#### [Problem to work on]
Could you set down exactly the lines of the data below, starting at the one that holds "(forall u v w, e" and ending at the one that holds "Definition qg_mult (lam", both included, and only those?

#### [Exercise material]

# # # # # # #

(* Let $\mathcal G$ be a finite, connected, simple bipartite graph with $N_{\mathcal V}$ vertices, each edge identified with $[0,1]$, and let $\mathcal L$ be the self-adjoint operator on $L^2(\mathcal G)$ described in the context. Then the eigenvalues $\lambda$ of $\mathcal L$ satisfy: (i) there are precisely $N_{\mathcal V}-2$ eigenvalues with $0<\lambda<\pi^2$, counted with multiplicity; (ii) there are precisely $N_{\mathcal V}-2$ eigenvalues with $\pi^2<\lambda<(2\pi)^2$, counted with multiplicity, and these have the form $\lambda=(2\pi-\sqrt{\mu})^2$ for $\mu$ an eigenvalue of $\mathcal L$ with $0<\mu<\pi^2$; moreover $\lambda$ and $\mu$ have the same multiplicity.
   Context: $L^2(\mathcal G)=\bigoplus_{e}L^2(e)$ with each $L^2(e)=L^2[0,1]$. The operator $\mathcal L$ acts by $-d^2/dx^2$ on each edge, with domain consisting of $f\in L^2(\mathcal G)$ that are continuous on $\mathcal G$, continuously differentiable on each edge with $f_e'$ absolutely continuous and $f''\in L^2(\mathcal G)$, and satisfying at every vertex $v$ the condition $\sum_{e\sim v}\partial_\nu f_e(v)=0$, where the sum is over edges incident on $v$ and $\partial_\nu$ is the outward derivative in the local coordinate identifying $e$ with $[0,1]$ and $v$ with $0$. *)

From HB Require Import structures.
From mathcomp Require Import all_boot all_order all_algebra.
From mathcomp Require Import all_classical all_reals all_analysis.
Set Implicit Arguments. Unset Strict Implicit. Unset Printing Implicit Defensive.
Import Order.TTheory GRing.Theory Num.Theory.
Import numFieldNormedType.Exports.
Local Open Scope classical_set_scope.
Local Open Scope ring_scope.

(* A function on the metric graph is encoded as
   f : T -> T -> R -> R, where for adjacent u v, f u v x is the value at the
   point at distance x from u on the edge uv (local coordinate identifying
   the edge with [0,1] and u with 0). *)

Section QG.
Variables (R : realType) (T : finType) (e : rel T).

Definition gfun := T -> T -> R -> R.

Definition has_outder (f : gfun) (u v : T) (d : R) : Prop :=
  (fun h : R => (f u v h - f u v 0) / h) @ 0^'+ --> d.

(* f lies in the domain of the operator L and satisfies L f = lam f,
   i.e. -f_e'' = lam f_e on every edge, plus continuity at the vertices
   and the Kirchhoff (standard) vertex conditions. *)
Definition in_eigspace (lam : R) (f : gfun) : Prop :=
  [/\ (forall u v, e u v -> forall x, 0 <= x <= 1 -> f u v x = f v u (1 - x)),
      (forall u v, e u v -> {within `[0, 1], continuous (f u v)}),
      (forall u v, e u v -> forall x, 0 < x < 1 ->
          [/\ derivable (f u v) x 1, derivable (derive1 (f u v)) x 1 &
              - derive1 (derive1 (f u v)) x = lam * f u v x]),
      (forall u v w, e u v -> e u w -> f u v 0 = f u w 0) &
      (exists d : T -> T -> R,
          (forall u v, e u v -> has_outder f u v (d u v)) /\
          (forall u, \sum_(v | e u v) d u v = 0))].

Definition gnonzero (f : gfun) : Prop :=
  exists u v x, [/\ e u v, 0 <= x <= 1 & f u v x != 0].

Definition qg_eigenvalue (lam : R) : Prop :=
  exists f, in_eigspace lam f /\ gnonzero f.

Definition lin_indep (m : nat) (F : 'I_m -> gfun) : Prop :=
  forall c : 'I_m -> R,
    (forall u v x, e u v -> 0 <= x <= 1 -> \sum_(i < m) c i * F i u v x = 0) ->
    forall i, c i = 0.

Definition qg_mult (lam : R) (m : nat) : Prop :=
  (exists F : 'I_m -> gfun, (forall i, in_eigspace lam (F i)) /\ lin_indep F) /\
  (forall F : 'I_m.+1 -> gfun, (forall i, in_eigspace lam (F i)) -> ~ lin_indep F).

Definition qg_count (a b : R) (n : nat) : Prop :=
  exists s : seq (R * nat),
    [/\ uniq (map fst s),
        (forall x, (a < x < b /\ qg_eigenvalue x) <-> x \in map fst s),
        (forall p, p \in s -> qg_mult p.1 p.2) &
        (\sum_(p <- s) p.2)%N = n].

End QG.

From HB Require Import structures.
From mathcomp Require Import all_boot all_order all_algebra.
From mathcomp Require Import all_classical all_reals all_analysis.
From mathcomp Require Import complex ring lra.
Import Order.TTheory GRing.Theory Num.Theory.
Import numFieldNormedType.Exports.
Set Implicit Arguments. Unset Strict Implicit. Unset Printing Implicit Defensive.
Local Open Scope classical_set_scope.
Local Open Scope ring_scope.

(* An eigenfunction with eigenvalue k^2, where k > 0 and sin k != 0, solves
   f'' = - k^2 f on each edge, so it is determined by its vertex values F: on
   the edge uv it is F u cos (k x) + (F v - F u cos k) / sin k * sin (k x).
   The Kirchhoff condition at u then says exactly that F is an eigenvector, for
   the eigenvalue cos k, of the transition matrix D^-1 A of the simple random
   walk, and this correspondence preserves linear independence.  D^-1 A is
   similar to the real symmetric matrix D^-1/2 A D^-1/2, so it has #|T| real
   eigenvalues counted with multiplicity; they lie in [-1, 1], and 1 and -1 are
   simple because the graph is connected and bipartite.  Hence #|T| - 2 of them
   lie in (-1, 1), which cos parametrises bijectively by k in (0, pi) and also
   by k in (pi, 2 pi), the two parametrisations being related by k |-> 2 pi - k. *)

Lemma sum_count_undup (E : eqType) (r : seq E) :
  (\sum_(c <- undup r) count_mem c r)%N = size r.
Proof.
rewrite -(perm_size (perm_count_undup r)) size_flatten /shape -map_comp sumnE big_map.
by apply: eq_bigr => c _; rewrite /= size_nseq.
Qed.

# # # # # # #

#### [Exercise result]
      (forall u v w, e u v -> e u w -> f u v 0 = f u w 0) &
      (exists d : T -> T -> R,
          (forall u v, e u v -> has_outder f u v (d u v)) /\
          (forall u, \sum_(v | e u v) d u v = 0))].

Definition gnonzero (f : gfun) : Prop :=
  exists u v x, [/\ e u v, 0 <= x <= 1 & f u v x != 0].

Definition qg_eigenvalue (lam : R) : Prop :=
  exists f, in_eigspace lam f /\ gnonzero f.

Definition lin_indep (m : nat) (F : 'I_m -> gfun) : Prop :=
  forall c : 'I_m -> R,
    (forall u v x, e u v -> 0 <= x <= 1 -> \sum_(i < m) c i * F i u v x = 0) ->
    forall i, c i = 0.

Definition qg_mult (lam : R) (m : nat) : Prop :=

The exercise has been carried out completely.